В Тунгусово жили латыши

                В Тунгусово жили латыши

   В 2009 году мне удалось  побывать в селе Тунгусово Томской области. Здесь я жила с 1946 по 1951 годы, в начальной школе научилась читать, писать, считать, окончила первые три класса. Здесь на сельском кладбище покоятся мои предки по линии отца.
 
   Сестра Валентина жила в селе только год, так как после смерти папы мы с мамой уехали на Алтай. Она посетила могилы родных впервые. Мой муж, Юрий Петрович, привёз памятники, поставил их на могилы отца и нашего младшего брата - Валерия. Заметно было, что другие могилы на кладбище были ухожены. Сразу видно то, что их навещают родные люди.

   "Ты заметила, что на памятниках написаны украинские фамилии. Здесь жили только украинцы?" – спросил меня муж.
   "Да нет. В селе жили люди разных национальностей. Это было поселение не только украинцев, но и белорусов, которые приехали сюда в конце девятнадцатого века на вольные земли. Сибирь-матушка принимала всех. А ещё здесь жили латыши и другие сосланные в Сибирь люди, которые жили здесь под надзором", - просветила я мужа.

   И вспомнился мне март 1949 года. Село Тунгусово было в то время небольшое: одна длинная улица,  вытянутая дугой да ещё несколько домов стояли в стороне, как мне казалось в то время.  Ранняя весна в этих местах – одно название. Весна – это продолжение зимы. Снег плотно лежал на полях. Не видно было на обочинах дороги проталин. Солнце светило ярче, но оно не грело. Чувствовался легкий мороз. Но мы, дети, высыпали на улицу. Был воскресный день. Все катались с горки на санках, которые были выдолблены из толстых досок. Долблёнки были обмазанные коровьими лепёшками и облитые водой. Обледенелые, они быстро катились с горы, что была против нашего дома через дорогу.

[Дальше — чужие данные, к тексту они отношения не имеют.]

(* A convex hexagon is affine regular if and only if both of the following hold: - all six of its vertex triangles have the same area; - for one of the triangles whose vertices are vertices of the hexagon and which has exactly one side in common with the hexagon (for example the triangle $013$ in the hexagon $012345$), its area is twice the area of a vertex triangle.
   Context: An affine map of the plane is a bijection of the plane that maps collinear points to collinear points. A polygon is affine regular if it is the image of a regular polygon under an affine map, with vertices corresponding in order. For a hexagon with vertices $0,\dots,5$ in cyclic order, the vertex triangles are the triangles with vertices $i-1,i,i+1$ (indices mod $6$). *)

From Stdlib Require Import Reals Lra Arith.
Open Scope R_scope.

Definition point := (R * R)%type.

Definition sarea (a b c : point) : R :=
  ((fst b - fst a) * (snd c - snd a) - (fst c - fst a) * (snd b - snd a)) / 2.

Definition area (a b c : point) : R := Rabs (sarea a b c).

Definition collinear (a b c : point) : Prop := sarea a b c = 0.

(* affine map as in the paper: a bijection of the plane mapping collinear
   points to collinear points *)
Definition affine_map (f : point -> point) : Prop :=
  (exists g : point -> point, (forall x, g (f x) = x) /\ (forall y, f (g y) = y)) /\
  (forall a b c, collinear a b c -> collinear (f a) (f b) (f c)).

   А я каталась на лыжах. Лыжи смастерил мне мой отец, вернувшись, домой из госпиталя после окончания Великой Отечественной войны и после того, как мы приехали в это село к бабушке жить в доме, где родился мой отец. С горы улица была видна до поворота. Катание прекратилось само собой, когда услышали скрип полозьев саней. Все дети повернули головы в ту сторону и замерли.

   Мы увидели обоз. Лошади, запряжённые в сани, трусцой бежали по дороге. На санях сидели люди. Когда первая повозка подъехала к дому, возчик остановил лошадей, останавливался  и весь обоз. Мы увидели, как из саней вылез плотный мужчина, одетый в тёплый светлый тулуп. Он направился к воротам дома. Это был уполномоченный по распределению привезённых людей по домам. Он стучал в калитку и громко кричал: "Хозяин!"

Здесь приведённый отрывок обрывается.